GOLDEN VISA
or the disposing of the discredited*
The governmental invitation directed at wealthy non-Europeans to ease residency permits in Portugal when the applicant plans to invest over half a million Euros in the country, is linked with tax privileges and what is called the “Golden Visa.” Simultaneously, the government publicly invited unemployed and less privileged Portuguese citizens to migrate elsewhere. Two invitations, one entrance.
With Golden Visa or the disposing of the discredited as the title and entry piece to the show at Cristina Guerra Contemporary Art, César is pointing out that a visa functions as a magnet, a transit, a passage, a permit and a privilege that necessary implicates its reverse, the migration politic within the borders of gated Europe in the midst of economic crises. Here, golden also refers to the material and immaterial aspects of the primary subject of the works presented in the show ¬– soil.
Thus, disposing of the discredited can be analyzed as a multidimensional European project, rich in public/private partnerships: it involves letting African migrants drown in the Mediterranean sea, making life unbearable for allegedly undesirable populations such as the Roma, pushing an increasing number of insufficiently malleable employees to suicide, erasing all traces of a large proportion of the unemployed from official registers, and, in some countries such as Greece, Portugal and Ireland, encouraging more and more young nationals to migrate.
*Michel Feher, 2014
The exhibition comprises two further interrelated bodies of work that range from collages, research material, experimental film, sculptural objects to an opening lecture.
The film essay Mined Soil takes us on a wandering path to revisit the work of the Guinean agronomist Amílcar Cabral, studying the erosion of soil in the Portuguese Alentejo region at the end of the 40’s through to his engagement as one of the leaders of the African Liberation Movement. This line of thought is intertwined with current documentation on an experimental gold mining site operated by a Canadian company and located in the same Portuguese area once studied by Cabral. The essay explores past and present definitions of soil as a repository of memory, trace, exploitation, crisis, arsenal, treasure and palimpsest. In the exhibition the film essay is presented in a spatial installation where the formal framework is a physical platform citing the shape of one of the many areas licensed for gold mining in Portugal. The installation continues with handcrafted, simulated “mock” mines that are modeled on the ones found in mined fields.
The paper works Operations are extracted from research material such as technical drawings from the Portuguese military on the composition of land mines – and their strategic mapping on the battlefield – placed by the Guinean guerrilla forces during the 11 year long liberation war and photographs taken during César’s research in Guinea Bissau and military archives. The collages themselves refer to living crystalline structures and geometrical operations, reflecting a multi-faceted approach towards “fixed” subjects and narratives.

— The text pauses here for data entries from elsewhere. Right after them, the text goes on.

(* Let $(\mathbf F,\mathbf A)$ be an enriched cut-free Gentzen $ru$-frame with $\mathbf F=(G,T,N,K)$. For all $a,b\in A$ and closed sets $X,Y$ of $\mathbf F$: (1) if $1^{\mathbf A}$ is defined, then $1^{\mathbf A}\in\gamma_N(\{\varepsilon\})\subseteq\{1^{\mathbf A}\}^{\lhd}$; (2) for $\bullet\in\{\wedge,\vee,\cdot,\backslash,/\}$: if $a\bullet^{\mathbf A}b$ is defined, $a\in X\subseteq\{a\}^{\lhd}$ and $b\in Y\subseteq\{b\}^{\lhd}$, then $a\bullet^{\mathbf A}b\in X\bullet^{\mathbf F^+}Y\subseteq\{a\bullet^{\mathbf A}b\}^{\lhd}$; (3) if $!^{\mathbf A}a$ is defined and $a\in X\subseteq\{a\}^{\lhd}$, then $!^{\mathbf A}a\in\, !X\subseteq\{!^{\mathbf A}a\}^{\lhd}$; (4) if $(\mathbf F,\mathbf A)$ is an enriched cut-free Gentzen $ruz$-frame and $0^{\mathbf A}$ is defined, then $0^{\mathbf A}\in\{\epsilon\}^{\lhd}\subseteq\{0^{\mathbf A}\}^{\lhd}$; (5) if $(\mathbf F,\mathbf A)$ is moreover an enriched Gentzen frame (i.e. satisfies [cut]), then the map $a\mapsto\{a\}^{\lhd}$ is a homomorphism of partial algebras from $\mathbf A$ to $\mathbf F^+$ (whenever $f^{\mathbf A}(\vec a)$ is defined, its image equals $f^{\mathbf F^+}$ applied to the images); (6) if $N$ is antisymmetric on $A$ ($aNb$ and $bNa$ imply $a=b$ for $a,b\in A$), then the map $a\mapsto\{a\}^{\lhd}$ is injective.
   Context: Enriched $ru$-frame: $\mathbf F=(G,T,N,K)$ with $(G,\cdot,\varepsilon)$ a unital groupoid (not necessarily associative), $T$ a set, $N\subseteq G\times T$ nuclear (for all $x,y\in G,z\in T$ there are $x\backslash\!\!\backslash z, z/\!\!/y\in T$ with $x\cdot y\,N\,z\iff y\,N\,x\backslash\!\!\backslash z\iff x\,N\,z/\!\!/y$), $K$ a sub-unital-groupoid of $G$; an enriched $ruz$-frame additionally has $\epsilon\in T$. $X^{\rhd}=\{t\in T\mid\forall x\in X\,xNt\}$, $Y^{\lhd}=\{g\in G\mid\forall y\in Y\,gNy\}$, $\gamma_N(X)=X^{\rhd\lhd}$; closed sets are those with $\gamma_N(X)=X$. $\mathbf F^+$: universe the closed sets, $X\wedge Y=X\cap Y$, $X\vee Y=\gamma_N(X\cup Y)$, $X\cdot Y=\gamma_N(X\circ Y)$ with $X\circ Y=\{x\cdot y\mid x\in X,y\in Y\}$, $X\backslash Y=\{z\mid X\circ\{z\}\subseteq Y\}$, $Y/X=\{z\mid \{z\}\circ X\subseteq Y\}$, $!X=\gamma_N(X\cap K)$, unit $\gamma_N(\{\varepsilon\})$, and in the $ruz$ case zero $\{\epsilon\}^{\lhd}$. Enriched cut-free Gentzen $ru$-frame: a pair $(\mathbf F,\mathbf A)$ with $\mathbf F$ an enriched $ru$-frame and $\mathbf A$ a partial algebra in $\{\wedge,\vee,\cdot,\backslash,/,!,1\}$, together with injections of $A$ into $G$ and into $T$ and of $A^!=\{!^{\mathbf A}a\mid a\in\operatorname{dom}!^{\mathbf A}\}$ into $K$ (elements of $A$ are identified with their images; in particular $\{a\}^{\lhd}$ uses $a$ as an element of $T$), such that for all $x,y\in G$, $z\in T$, $a,a_1,a_2,b\in A$, $k\in K$ (whenever the displayed operations of $\mathbf A$ are defined): $\varepsilon\,N\,1^{\mathbf A}$; $a\,N\,a$; $\varepsilon Nz\Rightarrow 1^{\mathbf A}Nz$; $a\cdot b\,N\,z\Rightarrow a\cdot^{\mathbf A}b\,N\,z$; $xNa,\,yNb\Rightarrow x\cdot y\,N\,a\cdot^{\mathbf A}b$; $xNa,\,bNz\Rightarrow x\cdot(a\backslash^{\mathbf A}b)\,N\,z$; $a\cdot x\,N\,b\Rightarrow x\,N\,a\backslash^{\mathbf A}b$; $xNa,\,bNz\Rightarrow (b/^{\mathbf A}a)\cdot x\,N\,z$; $x\cdot a\,N\,b\Rightarrow x\,N\,b/^{\mathbf A}a$; $a_iNz\Rightarrow a_1\wedge^{\mathbf A}a_2\,N\,z$; $xNa,\,xNb\Rightarrow x\,N\,a\wedge^{\mathbf A}b$; $aNz,\,bNz\Rightarrow a\vee^{\mathbf A}b\,N\,z$; $xNa_i\Rightarrow x\,N\,a_1\vee^{\mathbf A}a_2$; $aNz\Rightarrow !^{\mathbf A}a\,N\,z$; $kNa\Rightarrow k\,N\,!^{\mathbf A}a$. An enriched cut-free Gentzen $ruz$-frame uses an enriched $ruz$-frame and a partial algebra with additional constant $0$, and also requires $0^{\mathbf A}N\epsilon$ and $xN\epsilon\Rightarrow xN0^{\mathbf A}$. An enriched Gentzen frame additionally satisfies [cut]: $xNa$ and $aNz$ imply $xNz$ (for $x\in G$, $a\in A$, $z\in T$). *)

Set Implicit Arguments.
Lemma pcong_gcong a b (p q : path a b) :
  pcong p q -> gcong computad_relators (wmap enc (pword p)) (wmap enc (pword q)).
Proof.
  induction 1 as [| | |a b c d p q q' r _ IH|e b p|e b p|al].
  - apply gc_refl.
  - apply gc_sym; assumption.
  - eapply gc_trans; eassumption.
  - rewrite !pword_pcat, !wmap_app. apply gcong_whisker, IH.
  - exact (gc_cancel _ [] (enc e) true (wmap enc (pword p))).
  - exact (gc_cancel _ [] (enc e) false (wmap enc (pword p))).
  - set (s := wmap enc (pword (csrc al))). set (t := wmap enc (pword (ctgt al))).
    assert (Hrel : In (s ++ winv t) computad_relators).
    { apply nodup_In. unfold s, t. rewrite <- wmap_winv, <- wmap_app.
      apply (in_map cell_relator), cell_list_all. }
    eapply gc_trans.
    + pose proof (gcong_app (gc_refl _ s) (gc_sym (gcong_winv_l computad_relators t))) as H.
      rewrite app_nil_r in H. exact H.
    + rewrite app_assoc. exact (gc_rel [] t Hrel).
Qed.

Lemma word_val_gcong u v : gcong computad_relators u v -> word_val u = word_val v.
Proof.
  unfold word_val. induction 1 as [| | |u x b v|u r v Hr]; try congruence.
  - rewrite !wmap_app. apply weval_cancel.
  - rewrite !wmap_app, !weval_app.
    apply nodup_In, in_map_iff in Hr. destruct Hr as [al [<- _]].
    unfold cell_relator. rewrite wmap_cancel, weval_app, weval_winv by exact decK.
    rewrite <- !FC_pword. rewrite (proj2 (FC_ker _ _ (csrc al) (ctgt al)) (pc_rel al)).
    rewrite gmulVr, gmul1l. reflexivity.
Qed.

Lemma computad_relators_present : is_presentation X computad_relators.
Proof.
  split; [apply NoDup_nodup|]. exists word_val. split; [reflexivity|split; [|split]].
  - intros u v. unfold word_val. rewrite wmap_app. apply weval_app.
  - intros x. destruct (FC_surj x) as [p <-]. exists (wmap enc (pword p)).
    unfold word_val. rewrite wmap_cancel by exact decK. symmetry. apply FC_pword.
  - intros u v. split; [|apply word_val_gcong].
    intros Huv. destruct (loop_path_exists (wmap dec u)) as [p Hp].
    destruct (loop_path_exists (wmap dec v)) as [q Hq].
    assert (Hpq : pcong p q) by (apply FC_ker; rewrite !FC_pword, Hp, Hq; exact Huv).
    apply pcong_gcong in Hpq. rewrite Hp, Hq, !wmap_cancel in Hpq by exact encK. exact Hpq.
Qed.

Lemma computad_relators_length : (length computad_relators <= length cell_list)%nat.
Proof.
  rewrite <- (length_map cell_relator cell_list). apply NoDup_incl_length; [apply NoDup_nodup|].
  intros r Hr. apply nodup_In in Hr. exact Hr.
Qed.

End ComputadPresentation.

Lemma presentation_of_computad {X : group} {C : computad} {cl : list (cells C)} {L : list (ge C)} :
  presents C (Sigma X) -> (forall al, In al cl) -> NoDup L -> (forall e, In e L) ->
  exists R : list (word (length L)), is_presentation X R /\ (length R <= length cl)%nat.
Proof.
  intros HC Hcl HL HLall.
  destruct (presents_Sigma_single_object HC) as [a0 Ha0].
  destruct (listing_bijection L HL HLall) as [enc [decK encK]].
  destruct HC as [fo [FC [_ [_ [FC_nil [FC_cat [FC_surj FC_ker]]]]]]].
  exists (computad_relators C (length L) enc cl). split; [|apply computad_relators_length].
  exact (computad_relators_present X C a0 Ha0 FC FC_nil FC_cat FC_ker (FC_surj a0 a0)
           _ enc (fnth L) decK encK cl Hcl).
Qed.
(* Under the Setting and Algorithm in the context, suppose $$\frac{N-s+1}{2}\min_{k\in\mathcal N}\gamma_k\eta_k>D_{\mathcal X}^2+\frac12\sum_{k\in\mathcal B}\gamma_k^2L_f^2+\frac12\sum_{k\in\mathcal N}\gamma_k^2L_{g,\mathcal X}^2.$$ Then $\mathcal B\neq\emptyset$ (so $\bar x_{N,s}$ is well defined), and moreover either (i) $|\mathcal B|\ge(N-s+1)/2$, or (ii) $\sum_{k\in\mathcal B}\gamma_k\langle f'(x_k),x_k-x^*\rangle<0$.
   Context: Setting. $\mathcal X\subset\mathbb R^n$ is convex and compact; $f:\mathcal X\to\mathbb R$ is convex and $L_f$-Lipschitz; $\Delta\subset\mathbb R^d$ is compact; $g:\mathcal X\times\Delta\to\mathbb R$ is such that for every $\delta\in\Delta$, $x\mapsto g(x,\delta)$ is convex and $L_{g,\mathcal X}$-Lipschitz, and for every $x\in\mathcal X$, $\delta\mapsto g(x,\delta)$ is $L_{g,\Delta}$-Lipschitz. Let $G(x):=\max_{\delta\in\Delta}g(x,\delta)$ and assume the problem $\min_{x\in\mathcal X}\{f(x):G(x)\le0\}$ has an optimal solution $x^*$. Norms are Euclidean. $f'(x)$ denotes a subgradient of $f$ at $x$ and $g'(x,\delta)$ a subgradient of $g(\cdot,\delta)$ at $x$. Let $\omega_{\mathcal X}:\mathcal X\to\mathbb R$ be continuously differentiable and $1$-strongly convex; $V(x,z):=\omega_{\mathcal X}(z)-\omega_{\mathcal X}(x)-\langle\nabla\omega_{\mathcal X}(x),z-x\rangle$; prox-mapping $P_{x,\mathcal X}(y):=\arg\min_{z\in\mathcal X}\{\langle y,z\rangle+V(x,z)\}$; $D_{\mathcal X}:=\sqrt{\max_{x,z\in\mathcal X}V(x,z)}$. Algorithm (inexact CSA). Inputs: $N\ge1$, $x_1\in\mathcal X$, tolerances $\eta_k>0$, step-sizes $\gamma_k>0$. For $k=1,\dots,N$: choose some $\delta_k\in\Delta$ (an approximate maximizer of $g(x_k,\cdot)$); set $h_k=f'(x_k)$ if $g(x_k,\delta_k)\le\eta_k$ and $h_k=g'(x_k,\delta_k)$ otherwise; set $x_{k+1}=P_{x_k,\mathcal X}(\gamma_kh_k)$. For $1\le s\le N$ let $I=\{s,\dots,N\}$, $\mathcal B:=\{k\in I: g(x_k,\delta_k)\le\eta_k\}$, $\mathcal N:=I\setminus\mathcal B$, and output $\bar x_{N,s}:=\sum_{k\in\mathcal B}\gamma_kx_k/\sum_{k\in\mathcal B}\gamma_k$. (The minimum over an empty set is $+\infty$.) *)

From Stdlib Require Import Reals.
From mathcomp Require Import ssreflect ssrfun ssrbool eqtype ssrnat seq fintype bigop.
Set Implicit Arguments. Unset Strict Implicit.
Open Scope R_scope.
Lemma covHE n (H : 'rV[R]_d -> 'cV[R]_n) :
  (forall i, polygrowth (fun z => H z i 0)) ->
  covH P H = Emx P (fun z => (H z - Emx P H) *m (H z)^T).
Proof.
move=> pH; rewrite /covH; set Hb := Emx P H.
have pHc i : polygrowth (fun z => H z i 0 - Hb i 0).
  exact: polygrowthB (pH i) (polygrowth_cst _).
have Hc_center i : Ex P (fun z => H z i 0 - Hb i 0) = 0.
  by rewrite [Hb i 0]mxE Ex_center.
apply/matrixP => i l; rewrite !mxE.
rewrite (_ : (fun z => _) =
    fun z => (H z i 0 - Hb i 0) * H z l 0 - Hb l 0 * (H z i 0 - Hb i 0)); last first.
  by apply/funext => z; rewrite !mxE big_ord1 !mxE; ring.
rewrite ExB; last 2 first.
- exact: polygrowthM (pHc i) (pH l).
- exact: polygrowthM (polygrowth_cst _) (pHc i).
rewrite ExZ // Hc_center mulr0 subr0.
by congr Ex; apply/funext => z; rewrite !mxE big_ord1 !mxE.
Qed.

Lemma Emx_K_grad n (H : 'rV[R]_d -> 'cV[R]_n) (K : 'rV[R]_d -> 'M[R]_(d, n))
    (G : 'M[R]_n) (c : R) :
  c != 0 -> G^T = G ->
  (forall z, z *m grad H z = c *: (H z)^T) ->
  (forall z, K z = c^-1 *: (z^T *m (H z - Emx P H)^T)) ->
  (forall i, polygrowth (fun z => H z i 0)) ->
  Emx P (fun z => (K z *m G)^T *m grad H z) = G *m covH P H.
Proof.
move=> c_neq0 G_sym euler K_outer pH.
have pointwise z :
    (K z *m G)^T *m grad H z = G *m ((H z - Emx P H) *m (H z)^T).
  rewrite K_outer trmx_mul G_sym -mulmxA; congr (_ *m _).
  rewrite linearZ /= trmx_mul !trmxK -scalemxAl -mulmxA euler -scalemxAr.
  by rewrite scalerA mulVf // scale1r.
rewrite (funext pointwise) Emx_mulmxl ?covHE // => i j.
apply: eq_polygrowth (polygrowthM (polygrowthB (pH i) (polygrowth_cst _)) (pH j)).
by move=> z; rewrite !mxE big_ord1 !mxE.
Qed.

End Expectation.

From the entrance wall piece Golden Visa, through the installation and film Mined Soil and the series of works on paper Operations, César uses various concepts of soil to expose the possibility of challenging historical narratives, soil as an operational metaphor that unfolds how natural resources are implicated within a complex set of geopolitical conditions that inform contemporary life. Through the combination of re-activated archival material and recently shot material, César continues her careful work of an uneasy alliance of subjectivities, story telling, chronicle, documentary and experimental film.